In spite of their wide application, orthodox financial circles have resisted value linking devices because they introduce a dual standard of value, with money being used for current transactions and some index of inflation for deferred obligations. Experience has not shown, however, that this dual standard has any special disturbing effects on the financial system. In the countries in which it has been introduced, it has not led to a loss of confidence in the currency or to a loss of faith in the authorities’ ability to control inflation, though it has been argued with some reason that a strict anti-inflationary policy should somehow break the expectations of rising prices and consequently abolish value linking. Where inflation is a given fact for some time to come, however, value linking may offer substantial benefits.

How do value linking devices work?
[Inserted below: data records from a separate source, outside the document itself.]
(* Let $m\le n$, $a>0$, $\lambda>0$, and let $Y\in\mathbb{R}^{m\times n}$ have singular value decomposition $Y = U\,\mathrm{Diag}(\sigma)\,V^T$ with $\sigma=(\sigma_1,\dots,\sigma_m)$, $\sigma_1\ge\dots\ge\sigma_m\ge0$, $U,V$ orthogonal. Then $$X^s = G_{\lambda,a}(Y) := U\,\mathrm{Diag}\big(g_{\lambda,a}(\sigma_1),\dots,g_{\lambda,a}(\sigma_m)\big)\,V^T$$ is a global minimizer of $\min_{X\in\mathbb{R}^{m\times n}} \tfrac12\|X-Y\|_F^2+\lambda T(X)$.
   Context: For $a>0$, $\rho_a(x)=\frac{(a+1)x}{a+x}$ for $x\ge0$. The transformed Schatten-1 penalty of $X\in\mathbb{R}^{m\times n}$ is $T(X)=\sum_{i=1}^{\mathrm{rank}(X)}\rho_a(\sigma_i(X))$, where $\sigma_i(X)$ are the singular values of $X$. For $\lambda>0$ define, with $\mathrm{sgn}(0)=0$, $$h_\lambda(x)=\mathrm{sgn}(x)\left\{\tfrac23(a+|x|)\cos\!\big(\tfrac{\varphi(x)}{3}\big)-\tfrac{2a}{3}+\tfrac{|x|}{3}\right\},\qquad \varphi(x)=\arccos\!\Big(1-\frac{27\lambda a(a+1)}{2(a+|x|)^3}\Big),$$ and the threshold $t=\lambda\frac{a+1}{a}$ if $\lambda\le\frac{a^2}{2(a+1)}$, and $t=\sqrt{2\lambda(a+1)}-\frac a2$ if $\lambda>\frac{a^2}{2(a+1)}$. The scalar thresholding function is $g_{\lambda,a}(w)=0$ if $|w|\le t$ and $g_{\lambda,a}(w)=h_\lambda(w)$ if $|w|>t$. (It is known that $g_{\lambda,a}(x)$ is a minimizer of $y\mapsto\frac12(y-x)^2+\lambda\rho_a(|y|)$ over $y\in\mathbb{R}$.) $\|\cdot\|_F$ is the Frobenius norm. *)

From Stdlib Require Import Reals Lra.
Open Scope R_scope.
(* Let $\{X_1,\ldots,X_{p_n}\}$ be random variables with index set $V=\{1,\ldots,p_n\}$, observed through $n$ i.i.d. samples, and for each pair $i\neq j$ let $e_{ij}=0$ if $X_i$ and $X_j$ are conditionally independent given $\boldsymbol X_{V\setminus\{i,j\}}$ and $e_{ij}=1$ otherwise. For each $i$ let $S_i$ be the set of true variables of the regression $X_i\sim \boldsymbol X_{V\setminus\{i\}}$, and for each pair $j<i$ let $S_{j\setminus i}$ be the set of true variables of the regression $X_j\sim \boldsymbol X_{V\setminus\{i,j\}}$; let $\hat S_i$ and $\hat S_{j\setminus i}$ be the index sets selected from data by a variable selection/screening procedure applied to these two regressions. For each pair $j<i$, let $T_{ij}$ be the statistic of a nonparametric test of $X_i \perp X_j \mid \boldsymbol X_{\hat S_i\cup \hat S_{j\setminus i}\setminus\{j\}}$, let $\mu_{ij}=E(T_{ij})$, and let $\mu_{ij,0}$ and $\mu_{ij,1}$ denote the mean of $T_{ij}$ under the null hypothesis $e_{ij}=0$ and the alternative $e_{ij}=1$, respectively. Assume: (1) the generative distribution of the data is Markov and faithful to a directed acyclic graph; (2) $p_n$ increases as a polynomial of $n$; (3) (uniform sure screening) $\min_{1\le i\le p_n} P(S_i\subset \hat S_i)\to 1$ and $\min_{1\le j<i\le p_n} P(S_{j\setminus i}\subset \hat S_{j\setminus i})\to 1$ as $n\to\infty$; (4) (separation) $\min_{i,j}(\mu_{ij,1}-\mu_{ij,0})>\eta_n$, where $\eta_n=c_0 n^{-\kappa}$ for some constants $c_0>0$, $\kappa>0$; (5) (tail probability) $\sup_{i,j} P(|T_{ij}-\mu_{ij}|>\tfrac12\eta_n)=\exp\{-O(n^{\delta(\kappa)})\}$ for some positive number $\delta(\kappa)$ depending on $\kappa$. Let $\hat{\mathcal E}_n$ be the estimated network obtained by declaring, for each pair $(X_i,X_j)$, an edge ($e_{ij}=1$) if and only if $T_{ij}>\mu_{ij,0}+\eta_n/2$, i.e., using $\mu_{ij,0}+\eta_n/2$ as the critical value of the conditional independence test. Then $P\{\text{an error occurs in } \hat{\mathcal E}_n\}\to 0$ as $n\to\infty$, where an error means that for some pair $(i,j)$ the declared value differs from $e_{ij}$.
   Context: This is the consistency guarantee for the ''double regression'' procedure for learning an undirected Markov network (graphical model) of possibly non-Gaussian, nonlinearly dependent variables: for each variable $X_i$ one performs a (nonlinear) regression $X_i\sim\boldsymbol X_{V\setminus\{i\}}$ and selects $\hat S_i$; for each pair $j<i$ one performs a regression $X_j\sim \boldsymbol X_{V\setminus\{i,j\}}$ and selects $\hat S_{j\setminus i}$; then a nonparametric conditional independence test of $X_i$ and $X_j$ given $\boldsymbol X_{\hat S_i\cup\hat S_{j\setminus i}\setminus\{j\}}$ is performed with statistic $T_{ij}$. Here $\boldsymbol X_A=\{X_k:k\in A\}$ for $A\subset V$, and the ''set of true variables'' of a regression is the set of explanatory variables on which the conditional distribution of the response actually depends. The notation $\exp\{-O(n^{\delta})\}$ means a quantity bounded by $\exp(-c_1 n^{\delta})$ for some constant $c_1>0$ and all sufficiently large $n$. The suprema and minima over $i,j$ range over all pairs $1\le j<i\le p_n$. *)

From HB Require Import structures.
From mathcomp Require Import all_boot all_order all_algebra.
From mathcomp Require Import all_classical all_reals all_analysis.
From Stdlib Require Import Relations.Relation_Operators.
A loan is made by a financial intermediary for, say, ten years, on condition that the value of the loan is maintained in real terms. An index of prices is chosen, such as the cost of living index, and at specified intervals the repayable sum is increased in monetary terms by the amount of rise in the index. The increase may be applied only to the interest component of repayment, or to the principal, or to both. When the final repayment has been made in the tenth year, the total sum is equal in constant value to the sum lent initially plus the relevant rate of interest charged. Similarly, the intermediary institution guarantees the value of savings deposited with it and pays interest on the constant real value of the deposit. The total effect is equivalent to a situation where no inflation exists and neither borrower nor lender gains unduly at the other’s expense.

Problems in Value Linking

There are many difficulties and complications in the introduction of value linking devices, and these can be grouped under three broad headings. The first is the sort of index to be used as the basis for adjustment of value; the second is the acceptability of the device; and the third is the scope of application of value linking in an economy.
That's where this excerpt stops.